На другом конце стола между Боско и Н. Элизабет Эриксон вспыхивает спор. Он орет и ругает «Скорую помощь» и государственную систему страхования, которая должна обеспечивать из федеральных фондов медицинское и больничное обслуживание престарелых, и вообще поносит всех республиканцев, а она указывает на какую-то бумажку и пытается объяснить, почему из фондов социального обеспечения не оплачиваются счета некоторых врачей. Смут медленно встает и подходит к ним узнать, не может ли он чем помочь. Букеровский клиент отчаянно пытается овладеть своими эмоциями, но слезы текут у него по щекам, и Букер начинает падать духом. Он заверяет старика, что да, конечно, он, Букер Кейн, обязательно изучит вопрос и все уладит. Гул кондиционера заглатывает некоторые слова. Со столов убирают чашки и тарелки, настольные игры в полном разгаре — китайские шашки, поддавки, бридж и изобретенное Милтоном Брэдли настенное лото.

По счастью, большинство стариков явились сюда из-за ленча и ради общения, а вовсе не за юридическими советами.

— Но почему вы их хотите всего лишить? — спрашиваю я.

Мисс Берди отпускает мое запястье и трет себе глаза.

— Ну, это очень личное, и я не хочу пускаться в подробности.

— Довольно справедливо. А кто получит деньги? — спрашиваю я, внезапно опьяняясь властью, только что дарованной мне: написать магические слова, которые обыкновенных людей превратят в миллионеров. Я улыбаюсь ей настолько же тепло, насколько и фальшиво.

— Еще не решила кто, — отвечает она задумчиво и оглядывается вокруг, словно играет в какую-то игру. — Я не уверена до конца, как ими распорядиться.

Ну хорошо, а как насчет того, чтобы мне миллиончик?

Скоро «Тексако» предъявит мне судебный иск на четыре сотни. Мы прервали переговоры, и меня уведомил об иске их поверенный. Да еще хозяин дома, в котором я живу, предупредил, что выселит меня, так как уже два месяца я не плачу за квартиру. А я сижу и болтаю о том о сем с самым богатым человеком, которого я когда-либо встречал и который, может быть, недолго проживет, но пока вальяжно размышляет, кто получит ее деньги и сколько.
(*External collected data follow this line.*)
Definition lipschitz2_on (M L : R) (F : R -> R -> R) : Prop :=
  forall a b a' b', Rabs a <= M -> Rabs b <= M -> Rabs a' <= M -> Rabs b' <= M ->
    Rabs (F a b - F a' b') <= L * (Rabs (a - a') + Rabs (b - b')).

Definition locally_lipschitz2 (F : R -> R -> R) : Prop :=
  forall M, exists L, 0 <= L /\ lipschitz2_on M L F.

Lemma lipschitz2_on_swap M L F : lipschitz2_on M L F -> lipschitz2_on M L (fun b a => F a b).
Proof. intros HF b a b' a' Hb Ha Hb' Ha'. rewrite Rplus_comm. auto. Qed.

Lemma locally_lipschitz2_separable (F : R -> R -> R) c g h :
  (forall a b, F a b = c * (g a + h b)) ->
  locally_lipschitz g -> locally_lipschitz h -> locally_lipschitz2 F.
Proof.
  intros HF Hg Hh M. destruct (Hg M) as [Lg [HLg Hg']], (Hh M) as [Lh [HLh Hh']].
  exists (Rabs c * (Lg + Lh)); split; [apply Rmult_le_pos; [apply Rabs_pos | lra]|].
  intros a b a' b' Ha Hb Ha' Hb'. rewrite !HF.
  specialize (Hg' a a' Ha Ha'); specialize (Hh' b b' Hb Hb').
  replace (c * (g a + h b) - c * (g a' + h b')) with (c * ((g a - g a') + (h b - h b'))) by ring.
  rewrite Rabs_mult, Rmult_assoc. apply Rmult_le_compat_l; [apply Rabs_pos|].
  pose proof (Rabs_pos (a - a')); pose proof (Rabs_pos (b - b')).
  eapply Rle_trans; [apply Rabs_triang | nra].
Qed.

(* Lowering the second argument to [Rmin b b'] first uses monotonicity, so that only
   the negative parts of the differences enter the Lipschitz estimate. *)
Lemma monotone2_lipschitz_lower (G : R -> R -> R) M L a b a' b' :
  (forall u v v', v <= v' -> G u v <= G u v') -> lipschitz2_on M L G ->
  Rabs a <= M -> Rabs b <= M -> Rabs a' <= M -> Rabs b' <= M -> a < a' ->
  G a' b' - L * (negpart (a - a') + negpart (b - b')) <= G a b.
Proof.
  intros Hmono Hlip Ha Hb Ha' Hb' Haa'.
  assert (Hmin : Rabs (Rmin b b') <= M) by (unfold Rmin; destruct Rle_dec; auto).
  pose proof (Hmono a _ _ (Rmin_l b b')) as Hdown.
  pose proof (Hlip a (Rmin b b') a' b' Ha Hmin Ha' Hb') as Hclose.
  rewrite Rabs_Rmin_sub, (Rabs_left (a - a')), <- (negpart_of_lt0 (a - a')) in Hclose by lra.
  apply Rabs_le_between in Hclose. lra.
Qed.

Section CooperativeSystem.

Variables F1 F2 : R -> R -> R.

Definition is_supersolution (T : R) (x1 x2 : R -> R) : Prop :=
  filterlim x1 (at_right 0) (locally (x1 0)) /\ filterlim x2 (at_right 0) (locally (x2 0)) /\
  forall t, 0 < t <= T -> ex_derive x1 t /\ ex_derive x2 t /\
    F1 (x1 t) (x2 t) <= Derive x1 t /\ F2 (x1 t) (x2 t) <= Derive x2 t.

Definition is_subsolution (T : R) (x1 x2 : R -> R) : Prop :=
  filterlim x1 (at_right 0) (locally (x1 0)) /\ filterlim x2 (at_right 0) (locally (x2 0)) /\
  forall t, 0 < t <= T -> ex_derive x1 t /\ ex_derive x2 t /\
    Derive x1 t <= F1 (x1 t) (x2 t) /\ Derive x2 t <= F2 (x1 t) (x2 t).

Hypothesis F1_monotone : forall a b b', b <= b' -> F1 a b <= F1 a b'.
Hypothesis F2_monotone : forall a a' b, a <= a' -> F2 a b <= F2 a' b.
Hypothesis F1_lipschitz : locally_lipschitz2 F1.
Hypothesis F2_lipschitz : locally_lipschitz2 F2.

Lemma negpart_sq_derivative_bound M L1 L2 a1 a2 b1 b2 d1 d2 e1 e2 :
  lipschitz2_on M L1 F1 -> lipschitz2_on M L2 F2 -> 0 <= L1 -> 0 <= L2 ->
  Rabs a1 <= M -> Rabs a2 <= M -> Rabs b1 <= M -> Rabs b2 <= M ->
  F1 a1 a2 <= d1 -> F2 a1 a2 <= d2 -> e1 <= F1 b1 b2 -> e2 <= F2 b1 b2 ->
  -2 * negpart (a1 - b1) * (d1 - e1) + -2 * negpart (a2 - b2) * (d2 - e2)
    <= 4 * (L1 + L2) * (negpart (a1 - b1) ^ 2 + negpart (a2 - b2) ^ 2).
Proof.
  intros HL1 HL2 HL1p HL2p Ha1 Ha2 Hb1 Hb2 Hd1 Hd2 He1 He2.
  assert (G1 : negpart (a1 - b1) * (- (L1 * (negpart (a1 - b1) + negpart (a2 - b2))))
                 <= negpart (a1 - b1) * (d1 - e1)).
  { apply negpart_mul_le; intros Hlt.
    pose proof (monotone2_lipschitz_lower F1 M L1 a1 a2 b1 b2 F1_monotone HL1
                  Ha1 Ha2 Hb1 Hb2 ltac:(lra)). lra. }
  assert (G2 : negpart (a2 - b2) * (- (L2 * (negpart (a1 - b1) + negpart (a2 - b2))))
                 <= negpart (a2 - b2) * (d2 - e2)).
  { apply negpart_mul_le; intros Hlt.
    pose proof (monotone2_lipschitz_lower (fun b a => F2 a b) M L2 a2 a1 b2 b1
                  (fun u v v' => F2_monotone v v' u) (lipschitz2_on_swap _ _ _ HL2)
                  Ha2 Ha1 Hb2 Hb1 ltac:(lra)). lra. }
  pose proof (negpart_ge0 (a1 - b1)); pose proof (negpart_ge0 (a2 - b2)).
  set (n1 := negpart (a1 - b1)) in *; set (n2 := negpart (a2 - b2)) in *.
  assert (0 <= (L1 + L2) * (n1 - n2) ^ 2) by (apply Rmult_le_pos; [lra | apply pow2_ge_0]).
  assert (0 <= L1 * n2 ^ 2) by (apply Rmult_le_pos; [lra | apply pow2_ge_0]).
  assert (0 <= L2 * n1 ^ 2) by (apply Rmult_le_pos; [lra | apply pow2_ge_0]).
  nra.
Qed.

Lemma subsolution_le_supersolution T x1 x2 y1 y2 :
  is_supersolution T x1 x2 -> is_subsolution T y1 y2 -> y1 0 <= x1 0 -> y2 0 <= x2 0 ->
  forall t, 0 <= t <= T -> y1 t <= x1 t /\ y2 t <= x2 t.
Proof.
  intros [Hx1 [Hx2 Hx]] [Hy1 [Hy2 Hy]] H01 H02 t Ht.
  destruct (Req_dec t 0) as [->|Ht0]; [lra|].
  destruct (bounded_of_derivable x1 T Hx1) as [M1 HM1]; [apply Hx|].
  destruct (bounded_of_derivable x2 T Hx2) as [M2 HM2]; [apply Hx|].
  destruct (bounded_of_derivable y1 T Hy1) as [M3 HM3]; [apply Hy|].
  destruct (bounded_of_derivable y2 T Hy2) as [M4 HM4]; [apply Hy|].
  set (M := Rabs M1 + Rabs M2 + Rabs M3 + Rabs M4).
  assert (HM : forall u, 0 <= u <= T ->
    Rabs (x1 u) <= M /\ Rabs (x2 u) <= M /\ Rabs (y1 u) <= M /\ Rabs (y2 u) <= M).
  { intros u Hu. specialize (HM1 u Hu); specialize (HM2 u Hu);
      specialize (HM3 u Hu); specialize (HM4 u Hu).
    pose proof (Rle_abs M1); pose proof (Rle_abs M2); pose proof (Rle_abs M3);
      pose proof (Rle_abs M4); pose proof (Rabs_pos M1); pose proof (Rabs_pos M2);
      pose proof (Rabs_pos M3); pose proof (Rabs_pos M4).
    unfold M; repeat split; lra. }
  destruct (F1_lipschitz M) as [L1 [HL1p HL1]], (F2_lipschitz M) as [L2 [HL2p HL2]].
  set (N := fun u => negpart (x1 u - y1 u) ^ 2 + negpart (x2 u - y2 u) ^ 2).
  set (dN := fun u => -2 * negpart (x1 u - y1 u) * (Derive x1 u - Derive y1 u)
                    + -2 * negpart (x2 u - y2 u) * (Derive x2 u - Derive y2 u)).
  assert (HN : forall u, 0 < u <= T -> is_derive N u (dN u)).
  { intros u Hu. destruct (Hx u Hu) as [Dx1 [Dx2 _]], (Hy u Hu) as [Dy1 [Dy2 _]].
    apply (is_derive_plus (fun u => negpart (x1 u - y1 u) ^ 2)
                          (fun u => negpart (x2 u - y2 u) ^ 2));
      apply is_derive_negpart_sq_sub; apply Derive_correct; assumption. }
  assert (HdN : forall u, 0 < u <= T -> dN u <= 4 * (L1 + L2) * N u).
  { intros u Hu. destruct (Hx u Hu) as [_ [_ [Sx1 Sx2]]], (Hy u Hu) as [_ [_ [Sy1 Sy2]]].
    destruct (HM u ltac:(lra)) as [Bx1 [Bx2 [By1 By2]]].
    apply (negpart_sq_derivative_bound M); assumption. }
  assert (Hlim : filterlim N (at_right 0) (locally (0 + 0)))
    by (apply filterlim_Rplus; apply negpart_sq_right_limit; assumption).
  rewrite Rplus_0_l in Hlim.
  destruct (negpart_sq_add_nonpos (x1 t - y1 t) (x2 t - y2 t)) as [E1 E2]; [|lra].
  apply (gronwall_nonpos N dN (4 * (L1 + L2)) T HN HdN Hlim). lra.
Qed.

Definition is_solution_on (T : R) (x1 x2 : R -> R) : Prop :=
  filterlim x1 (at_right 0) (locally (x1 0)) /\ filterlim x2 (at_right 0) (locally (x2 0)) /\
  forall t, 0 < t <= T -> is_derive x1 t (F1 (x1 t) (x2 t)) /\ is_derive x2 t (F2 (x1 t) (x2 t)).
(* Let $d\ge3$, let $P$ be a probability measure on $\mathbb{R}^d$ and $f\in L^2(P)$. Suppose: (i) there is $\bar c>0$ such that for every $m\in\mathbb N$ and every two-layer network $f_m({\bm x})=\sum_{i=1}^m a_i\sigma({\bm w}_i^T\tilde{\bm x})$ with $m$ neurons, $\|f-f_m\|_{L^2(P)}\ge\bar c\,m^{-1/(d-1)}$; (ii) there is $C>0$ such that for every Barron function $g$ and every $m\in\mathbb N$ there is a two-layer network $f_m$ with $m$ neurons satisfying $\|g-f_m\|_{L^2(P)}\le C\|g\|_{\mathcal B}/\sqrt m$. Then there is a constant $c_d>0$ depending only on $\bar c$, $C$ and $d$ such that for every $\varepsilon\in(0,\bar c/4]$ and every Barron function $\tilde f$ with $\|f-\tilde f\|_{L^2(P)}<\varepsilon$, \[ \|\tilde f\|_{\mathcal B}\ge c_d\,\varepsilon^{-\frac{d-3}{2}}. \]
   Context: $\sigma(z)=\max(z,0)$, $\tilde{\bm x}=({\bm x}^T,1)^T$. A Barron function is $g({\bm x})=\mathbb{E}_{(a,{\bm w})\sim\rho}[a\sigma({\bm w}^T\tilde{\bm x})]$ for a probability measure $\rho$ on $\mathbb{R}\times\mathbb{R}^{d+1}$ with finite $\mathbb{E}_\rho[|a|\|{\bm w}\|_1]$; its Barron norm $\|g\|_{\mathcal B}$ is the infimum of $\mathbb{E}_\rho[|a|\|{\bm w}\|_1]$ over all such representations. *)

From HB Require Import structures.
From mathcomp Require Import all_boot all_order all_algebra.
From mathcomp Require Import all_classical all_reals all_analysis.
Set Implicit Arguments. Unset Strict Implicit. Unset Printing Implicit Defensive.
Import Order.TTheory GRing.Theory Num.Theory.
Import numFieldNormedType.Exports.
Local Open Scope classical_set_scope.
Local Open Scope ring_scope.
Мисс Берди подает мне лист бумаги, на котором аккуратно узкой колонкой напечатаны имена, и говорит:

— Вот этих внуков я хочу оделить, они еще меня любят. — Она прикрывает ладошкой рот и наклоняется к моему уху. — Даю каждому по миллиону долларов.

Рука у меня дрожит, пока я царапаю что-то в своем блокноте. Блеск? Так вот просто, одним росчерком пера, я создал на бумаге четырех миллионеров.

— А что с остальными? — спрашиваю я шепотом.

Она резко откидывается назад и произносит:

— Ни гроша! Они мне не звонят, никогда не посылают ни подарков, ни открыток. Вычеркнуть их.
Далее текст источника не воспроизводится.